The rise of power-efficient embedded computers based on highly-parallel accelerators opens a number of opportunities and challenges for researchers and engineers, and paved the way to the era of edge computing. At the same time, advances in embedded AI for object detection and categorization such as YOLO, GoogleNet and AlexNet reached an unprecedented level of accuracy (mean-Average Precision - mAP) and performance (Frames-Per-Second - FPS). Today, edge computers based on heterogeneous many-core systems are a predominant choice to deploy such systems in industry 4.0, wearable devices, and - our focus - autonomous driving systems. In these latter systems, engineers struggle to make reduced automotive power and size budgets co-exist with the accuracy and performance targets requested by autonomous driving.
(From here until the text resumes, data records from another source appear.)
(* Let $I$ be an index set and $(p_i)_{i\in I}$ pairwise distinct complex parameters with associated variables $\xi_{p_i}$, and let $B_{p_ip_j}$ ($i\neq j$) be smooth scalar functions of all the $\xi_{p_i}$. With $\mathcal L_{abc}$ as defined below, consider the 3-form $\mathsf L=\sum_{i,j,k\in I,\ \text{distinct}}\mathcal L_{p_ip_jp_k}\,d\xi_{p_i}\wedge d\xi_{p_j}\wedge d\xi_{p_k}$. Then $d\mathsf L=\sum_{i,j,k,l\in I}\mathcal A_{p_ip_jp_kp_l}\,d\xi_{p_i}\wedge d\xi_{p_j}\wedge d\xi_{p_k}\wedge d\xi_{p_l}$ where each coefficient $\mathcal A$ for four distinct labels is a sum of products of two factors of the form $\Gamma_{a;bc}=\partial_{\xi_a}B_{bc}-B_{ba}B_{ac}$ (with $a,b,c$ among the four labels); hence $d\mathsf L$ has a double zero on solutions of the system $\partial_{\xi_a}B_{bc}=B_{ba}B_{ac}$ (all distinct $a,b,c$), and $d\mathsf L=0$ on such solutions.
   Context: For pairwise distinct labels $a,b,c$: $\mathcal L_{abc}=\tfrac12(B_{cb}\partial_aB_{bc}-B_{bc}\partial_aB_{cb})+\tfrac12(B_{ba}\partial_cB_{ab}-B_{ab}\partial_cB_{ba})+\tfrac12(B_{ac}\partial_bB_{ca}-B_{ca}\partial_bB_{ac})+B_{ca}B_{ab}B_{bc}-B_{cb}B_{ba}B_{ac}$, with $\partial_a=\partial/\partial\xi_a$. (This $\mathcal L_{abc}$ is totally antisymmetric in $a,b,c$.) *)

From HB Require Import structures.
From mathcomp Require Import all_boot all_order all_algebra all_fingroup.
From mathcomp Require Import all_classical all_reals all_analysis.
Set Implicit Arguments. Unset Strict Implicit. Unset Printing Implicit Defensive.
Import Order.TTheory GRing.Theory Num.Theory.
Import numFieldNormedType.Exports.
Local Open Scope ring_scope.

Section Defs.
Variables (R : realType) (n : nat).

(* coordinate direction e_a in R^n (variables xi_0 .. xi_{n-1}) *)
Definition dir (a : 'I_n) : 'rV[R]_n := \row_j (j == a)%:R.

Definition pd (a : 'I_n) (f : 'rV[R]_n -> R) : 'rV[R]_n -> R :=
  fun x => derive f x (dir a).

Definition iter_pd (l : seq 'I_n) (f : 'rV[R]_n -> R) : 'rV[R]_n -> R :=
  foldr pd f l.

Definition smooth (f : 'rV[R]_n -> R) : Prop :=
  forall l : seq 'I_n,
    (forall (x : 'rV[R]_n) (a : 'I_n), derivable (iter_pd l f) x (dir a)) /\
    continuous (iter_pd l f).

Definition distinct3 (a b c : 'I_n) : bool := [&& a != b, a != c & b != c].
Definition distinct4 (a b c d : 'I_n) : bool :=
  [&& distinct3 a b c, a != d, b != d & c != d].

Variable B : 'I_n -> 'I_n -> 'rV[R]_n -> R.

Definition Lcal (a b c : 'I_n) (x : 'rV[R]_n) : R :=
  2^-1 * (B c b x * pd a (B b c) x - B b c x * pd a (B c b) x)
+ 2^-1 * (B b a x * pd c (B a b) x - B a b x * pd c (B b a) x)
+ 2^-1 * (B a c x * pd b (B c a) x - B c a x * pd b (B a c) x)
+ B c a x * B a b x * B b c x - B c b x * B b a x * B a c x.

(* coefficients of the 3-form L = sum_{i,j,k distinct} L_{ijk} dxi_i^dxi_j^dxi_k *)
Definition Lcoef (i j k : 'I_n) : 'rV[R]_n -> R :=
  if distinct3 i j k then Lcal i j k else (fun _ => 0).

(* coefficients of dL = sum_{l,i,j,k} d_l L_{ijk} dxi_l^dxi_i^dxi_j^dxi_k *)
Definition dLcoef (l i j k : 'I_n) : 'rV[R]_n -> R := pd l (Lcoef i j k).

Definition Gamma (a b c : 'I_n) (x : 'rV[R]_n) : R :=
  pd a (B b c) x - B b a x * B a c x.

End Defs.

Definition lab4 (n : nat) (a b c d : 'I_n) (k : 'I_4) : 'I_n := nth a [:: a; b; c; d] k.

(* Component of the 4-form sum_{i,j,k,l} C_{ijkl} dxi_i^dxi_j^dxi_k^dxi_l on
   dxi_a^dxi_b^dxi_c^dxi_d: the alternating sum of the coefficients.  Two such
   expressions define the same 4-form iff these components agree for all a,b,c,d. *)
Definition alt4 (R : realType) (n : nat) (C : 'I_n -> 'I_n -> 'I_n -> 'I_n -> R)
  (a b c d : 'I_n) : R :=
  \sum_(s : 'S_4) (-1) ^+ s *
    C (lab4 a b c d (s 0)) (lab4 a b c d (s 1)) (lab4 a b c d (s 2)) (lab4 a b c d (s 3)).

Definition distinct_pos (t : 'I_4 * 'I_4 * 'I_4) : bool :=
  [&& t.1.1 != t.1.2, t.1.1 != t.2 & t.1.2 != t.2].

From HB Require Import structures.
From mathcomp Require Import all_boot all_order all_algebra all_fingroup.
From mathcomp Require Import all_classical all_reals all_analysis.
From mathcomp Require Import ring lra.
Set Implicit Arguments. Unset Strict Implicit. Unset Printing Implicit Defensive.
Import Order.TTheory GRing.Theory Num.Theory.
Import numFieldNormedType.Exports.
Local Open Scope ring_scope.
We aim at validating the effectiveness and efficiency of most recent networks on state-of-the-art platforms with embedded commercial-off-the-shelf System-on-Chips, such as Xavier AGX, Tegra X2 and Nano for NVIDIA and XCZU9EG and XCZU3EG of the Zynq UltraScale+ family, for the Xilinx counterpart. Our work aims at supporting engineers in choosing the most appropriate CNN package and computing system for their designs, and deriving guidelines for adequately sizing their systems.

翻译：基于高并行加速器的低功耗嵌入式计算机的兴起，为研究人员和工程师带来了众多机遇与挑战，并推动了边缘计算时代的到来。同时，基于YOLO、GoogleNet和AlexNet等算法的嵌入式AI在目标检测与分类领域达到了前所未有的精度（平均精度均值，mAP）和性能（每秒帧数，FPS）。目前，基于异构众核系统的边缘计算机已成为在工业4.0、可穿戴设备及我们关注的自动驾驶系统中部署此类系统的主流选择。在自动驾驶系统中，工程师们面临如何在满足精度与性能目标的同时，实现汽车级低功耗与小尺寸约束的难题。本文旨在验证最新网络在嵌入式商用现货（COTS）系统级芯片（SoC）平台上的效能与效率，包括NVIDIA公司的Xavier AGX、Tegra X2和Nano，以及Xilinx公司Zynq UltraScale+系列的XCZU9EG和XCZU3EG。我们的工作旨在帮助工程师为其设计选择最合适的CNN封装与计算系统，并推导出系统规模设计的指导准则。